Assignment »
List all the lines in these records that hold "funext".

Collected data entries
(* Let $\Gamma=(N,A,u)$ be a finite normal form game with $N=\{1,\dots,n\}$, $n\ge2$, in which every player has the same strategy set $X$, so $A=X^n$. The following are equivalent: (i) $\Gamma$ is fully symmetric, i.e. $u_i=u_{\pi(i)}\circ\pi$ for every $i\in N$ and every $\pi\in S_N$; (ii) $\Gamma$ is standard symmetric and weakly anonymous; (iii) for each $i\in N$ and $\pi\in S_N$, $u_{\pi(i)}=u_i\circ\pi^{-1}$; (iv) for each $i\in N$ and each transposition $\tau\in T_N$, $u_i=u_{\tau(i)}\circ\tau$; (v) for each $i\in N$ and each transposition $\tau\in T_N$, $u_i=u_{\tau(i)}\circ\tau^{-1}$.
   Context: A finite normal form game $\Gamma=(N,A,u)$ consists of players $N$, non-empty finite strategy sets $A_i$, profiles $A=\times_{i\in N}A_i$ and utilities $u_i:A\to\mathbb{R}$. For $\pi\in S_N$ and $s\in A$ write $\pi(s)=(s_{\pi^{-1}(i)})_{i\in N}$, and for a function $f:A\to\mathbb{R}$, $f\circ\pi$ denotes $s\mapsto f(\pi(s))$. $T_N$ is the set of transpositions in $S_N$. $\Gamma$ is standard symmetric if there is a transitive subgroup $H\le S_N$ such that $u_i=u_{\pi(i)}\circ\pi$ for all $i\in N$ and $\pi\in H$. $\Gamma$ is weakly anonymous if for each $i\in N$ and each permutation $\pi\in S_N$ fixing $i$, $u_i=u_i\circ\pi$. *)

From HB Require Import structures.
From mathcomp Require Import all_boot all_order all_algebra all_fingroup.
From mathcomp Require Import reals.
Set Implicit Arguments. Unset Strict Implicit. Unset Printing Implicit Defensive.

Definition profile (n : nat) (X : finType) := {ffun 'I_n -> X}.

Definition pact n (X : finType) (pi : {perm 'I_n}) (s : profile n X) : profile n X :=
  [ffun i => s (pi^-1 i)%g].

Definition compp n (X : finType) (R : Type) (f : profile n X -> R) (pi : {perm 'I_n}) :
  profile n X -> R := fun s => f (pact pi s).

Section Game.
Variables (R : realType) (n : nat) (X : finType) (u : 'I_n -> profile n X -> R).

Definition is_transposition (t : {perm 'I_n}) : Prop :=
  exists i j : 'I_n, i != j /\ t = tperm i j.

Definition fully_symmetric : Prop :=
  forall (i : 'I_n) (pi : {perm 'I_n}), u i = compp (u (pi i)) pi.

Definition transitive_subgroup (H : {group {perm 'I_n}}) : Prop :=
  forall i j : 'I_n, exists2 pi, pi \in H & pi i = j.

Definition standard_symmetric : Prop :=
  exists H : {group {perm 'I_n}}, transitive_subgroup H /\
    forall (i : 'I_n) (pi : {perm 'I_n}), pi \in H -> u i = compp (u (pi i)) pi.

Definition weakly_anonymous : Prop :=
  forall (i : 'I_n) (pi : {perm 'I_n}), pi i = i -> u i = compp (u i) pi.
End Game.

From mathcomp Require Import all_boot all_order all_algebra all_fingroup.
From mathcomp Require Import boolp reals.

(* The permutations p with u_i = u_{p(i)} o p for every i are closed under
   composition, so full symmetry follows from symmetry under a generating set:
   the transpositions, or a transitive subgroup together with all stabilizers
   (every p factors as a stabilizer of i followed by an element of H). *)

Lemma pact1 n (X : finType) (s : profile n X) : pact 1%g s = s.
Proof. by apply/ffunP => k; rewrite !ffunE invg1 perm1. Qed.

Lemma pactM n (X : finType) (p q : {perm 'I_n}) (s : profile n X) :
  pact (p * q)%g s = pact q (pact p s).
Proof. by apply/ffunP => k; rewrite !ffunE invMg permM. Qed.

Lemma compp1 n (X : finType) (R : Type) (f : profile n X -> R) : compp f 1%g = f.
Proof. by apply: funext => s; rewrite /compp pact1. Qed.

Lemma comppM n (X : finType) (R : Type) (f : profile n X -> R) (p q : {perm 'I_n}) :
  compp f (p * q)%g = compp (compp f q) p.
Proof. by apply: funext => s; rewrite /compp pactM. Qed.

Lemma transposition_inv n (t : {perm 'I_n}) : is_transposition t -> (t^-1)%g = t.
Proof. by case=> i [j [_ ->]]; rewrite tpermV. Qed.

Section Symmetry.
Variables (R : realType) (n : nat) (X : finType) (u : 'I_n -> profile n X -> R).

Definition symmetric_at (i : 'I_n) (p : {perm 'I_n}) : Prop :=
  u i = compp (u (p i)) p.

Lemma symmetric_at1 i : symmetric_at i 1%g.
Proof. by rewrite /symmetric_at perm1 compp1. Qed.

Lemma symmetric_atM i p q :
  symmetric_at i p -> symmetric_at (p i) q -> symmetric_at i (p * q)%g.
Proof. by rewrite /symmetric_at permM comppM => Hp <-. Qed.

Lemma fully_symmetric_invP :
  fully_symmetric u <->
  forall i (p : {perm 'I_n}), u (p i) = compp (u i) (p^-1)%g.
Proof.
split=> H i p.
  by have := H (p i) (p^-1)%g; rewrite permK.
by have := H (p i) (p^-1)%g; rewrite permK invgK.
Qed.

Lemma fully_symmetric_tpermP :
  fully_symmetric u <->
  forall i (t : {perm 'I_n}), is_transposition t -> symmetric_at i t.
Proof.
split=> [H i t _ | H i p]; first exact: H.
have [ts -> tsP] := prod_tpermP p.
elim: ts tsP i => [|t ts IH] /= tsP i; first by rewrite big_nil; apply: symmetric_at1.
case/andP: tsP => tP tsP; rewrite big_cons.
by apply: symmetric_atM; [apply: H; exists t.1, t.2 | apply: IH].
Qed.

Lemma fully_symmetric_stabilizerP :
  fully_symmetric u <-> standard_symmetric u /\ weakly_anonymous u.
Proof.
split=> [H | [[G [G_trans G_sym]] anon] i p].
  split=> [|i p p_i]; last by have := H i p; rewrite p_i.
  exists [set: {perm 'I_n}]%G; split=> [i j | i p _]; last exact: H.
  by exists (tperm i j); rewrite ?inE ?tpermL.
have [h hG h_i] := G_trans i (p i).
have fix_i : (p * h^-1)%g i = i by rewrite permM -h_i permK.
rewrite -(mulgKV h p).
apply: symmetric_atM; rewrite /symmetric_at fix_i; [exact: anon | exact: G_sym].
Qed.

End Symmetry.

Theorem theorem3p15 (R : realType) (n : nat) (X : finType)
    (u : 'I_n -> profile n X -> R) :
  (2 <= n)%N ->
  [/\ (fully_symmetric u <-> standard_symmetric u /\ weakly_anonymous u),
      (fully_symmetric u <->
         forall (i : 'I_n) (pi : {perm 'I_n}), u (pi i) = compp (u i) (pi^-1)%g),
      (fully_symmetric u <->
         forall (i : 'I_n) (t : {perm 'I_n}), is_transposition t ->
           u i = compp (u (t i)) t) &
      (fully_symmetric u <->
         forall (i : 'I_n) (t : {perm 'I_n}), is_transposition t ->
           u i = compp (u (t i)) (t^-1)%g)].
Proof.
(* The equivalences hold for every n. *)
move=> _; split.
- exact: fully_symmetric_stabilizerP.
- exact: fully_symmetric_invP.
- exact: fully_symmetric_tpermP.
- rewrite fully_symmetric_tpermP.
  by split=> H i t tP; have := H i t tP; rewrite transposition_inv.
Qed.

Result of this task »
Proof. by apply: funext => s; rewrite /compp pact1. Qed.
Proof. by apply: funext => s; rewrite /compp pactM. Qed.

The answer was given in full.